La réalisatrice de "La Belle Saison" répond au maire FN qui a fait retirer les affiches de son film
Catherine Corsini a écrit à Philippe de Beauregard, le maire de Camaret-sur-Aigues (Vaucluse), qui juge certaines scènes du film "choquantes".
"A vous en croire, on devrait rhabiller les statues de nues, mettre un voile sur les peintures de Courbet, Manet, Renoir", écrit Catherine Corsini. La réalisatrice du film La Belle Saison, qui raconte une histoire d'amour lesbienne, entame ainsi sa lettre ouverte au maire FN de Camaret-sur-Aigues (Vaucluse), Philippe de Beauregard, qui a fait retirer les affiches de son film dans sa ville. Dans ce message, publié sur le site de la Société des réalisateurs de films, dont elle est co-présidente, Catherine Corsini dénonce "un acte autoritaire, intolérable", alors que la Commission de classification des œuvres cinématographiques a jugé le long-métrage adapté à tout public.
"J'ai vu le film, (qui) est émaillé de scènes érotiques en gros plan, je n'ai pas voulu en faire la promotion avec les moyens municipaux", justifie Philippe de Beauregard. "J'ai utilisé ma liberté d'expression pour avertir les parents qu'à mon sens ce n'est pas un film pour les enfants", ajoute-t-il. "L'histoire aurait concerné un couple d'hétérosexuels, j'aurais eu la même réaction", assure le maire frontiste. Si les affiches et informations du film ont été retirées de l'affichage municipal et du site internet de la mairie, l'élu affirme ne pas intervenir dans la programmation.

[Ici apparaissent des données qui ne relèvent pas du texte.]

Lemma coord_hom b : frob_hom p (coord b).
Proof.
split=> [x y|r x].
  apply: (coord_uniq (g := fun b => coord b x + coord b y)).
  under eq_bigr => i _ do rewrite (exprD_pchar pS) mulrDl.
  by rewrite big_split /= -!coordE.
apply: (coord_uniq (g := fun b => r * coord b x)).
under eq_bigr => i _ do rewrite exprMn -mulrA.
by rewrite -mulr_sumr -coordE.
Qed.

End FreeFrobBasis.

Definition biorthogonal (A : comNzRingType) (q : nat) (fb : frob_basis A q) :=
  forall b c, fb_trace fb (fb_dual fb b * fb_vec fb c) = (b == c)%:R.

Section FFiniteField.
Variables (K : fieldType) (p : nat) (pK : p \in [pchar K]).

Lemma frob_spanning_drop N (s c : 'I_N.+1 -> K) k :
  frob_spanning p s -> \sum_i c i ^+ p * s i = 0 -> c k != 0 ->
  frob_spanning p (fun i => s (lift k i)).
Proof.
move=> s_span c_rel ck x; have [g ->] := s_span x.
exists (fun i => g (lift k i) - (g k / c k) * c (lift k i)).
move: c_rel; rewrite !(bigD1_ord k) //= => c_rel.
under [RHS]eq_bigr => i _ do rewrite (exprB_pchar pK) exprMn mulrBl -mulrA.
rewrite sumrB -mulr_sumr.
have -> : \sum_(i < N) c (lift k i) ^+ p * s (lift k i) = - (c k ^+ p * s k).
  by apply/eqP; rewrite -addr_eq0 addrC c_rel.
rewrite expr_div_n; field.
by rewrite expf_neq0.
Qed.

"Censure" et "haine du corps"
Le film raconte l'histoire d'amour entre une Parisienne (Cécile de France) et une jeune agricultrice (Izïa Higelin), sur fond de création du Mouvement de libération des femmes, dans les années 1970. Dans sa réponse, Catherine Corsini rappelle l'exemple des affiches de L'Inconnu du lac, montrant notamment des hommes (dessinés) s'embrasser, qui avaient été retirées des communes de Versailles (Yvelines) et de Saint-Cloud (Hauts-de-Seine). "Votre censure s’inscrit dans une lignée qu’on connaît bien, (...) celle qui, sous couvert de protéger les valeurs familiales, répand les passions tristes et la haine du corps", dénonce-t-elle.
Voici, en intégralité, la lettre de la réalisatrice, Catherine Corsini :
« Cachez ce sein que je ne saurais voir » (Molière)
A vous en croire, Monsieur Philippe de Beauregard, on devrait rhabiller les statues de nues, mettre un voile sur les peintures de Courbet, Manet, Renoir et de tous les peintres qui ont su croquer la nudité avec réalisme. Nous devrions aussi interdire les musées à la jeunesse, fermer les salles qui montrent des corps de femmes entre elles, nus, alanguis, accouplés dans des poses suggestives. Pourtant, la nudité dans l’art est apparue dès les premiers dessins de l'époque préhistorique. La nudité féminine était là, bien avant l'apparition de la religion chrétienne, symbole de fertilité, d'érotisme, et symbole de la famille.
Ce qu'on voit dans La Belle Saison, c'est la nudité des corps, dans leur liberté, dans leur beauté et dans leur insouciance face au désir, ce sont les visages, les rires, les sourires de deux femmes qui évoquent l'appétit de la vie. Est-ce cela qui vous choque ? Est-ce la caméra qui découvre les poils pubiens d'une actrice, en gros plan comme un tableau, qui vous trouble, ou est-ce de voir deux femmes s’aimer ?
Ce procès d'intention pourrait faire sourire, tant ni le film en salles depuis des semaines, ni l'affiche placardée dans toute la France n'ont suscité de polémique. Mais vous n'en êtes pas resté aux mots et vous avez fait retirer l'affiche de votre mairie et de votre site internet, ce qui constitue un acte autoritaire, intolérable. On se demande qui est le pervers dans l'accusation que vous portez au film. Monsieur, votre censure s’inscrit dans une lignée qu’on connaît bien, c’est celle qui, il y a quelques mois, voulait faire interdire l’affiche de L’Inconnu du lac d’Alain Guiraudie, celle qui, sous couvert de protéger les valeurs familiales, répand les passions tristes et la haine du corps.
Mais souvenons-nous que c’est cette censure qui s'est attaquée aux poèmes de Baudelaire, pour qu’on ne l’entende jamais parler dans Lesbos de 'baisers chauds comme les soleils', de 'baisers qui sont comme les cascades orageux et secrets, fourmillants et profonds', des 'filles aux yeux creux, de leur corps amoureuses'. Car Lesbos entre tous m'a choisi sur la terre pour chanter le secret de ses vierges en fleurs'.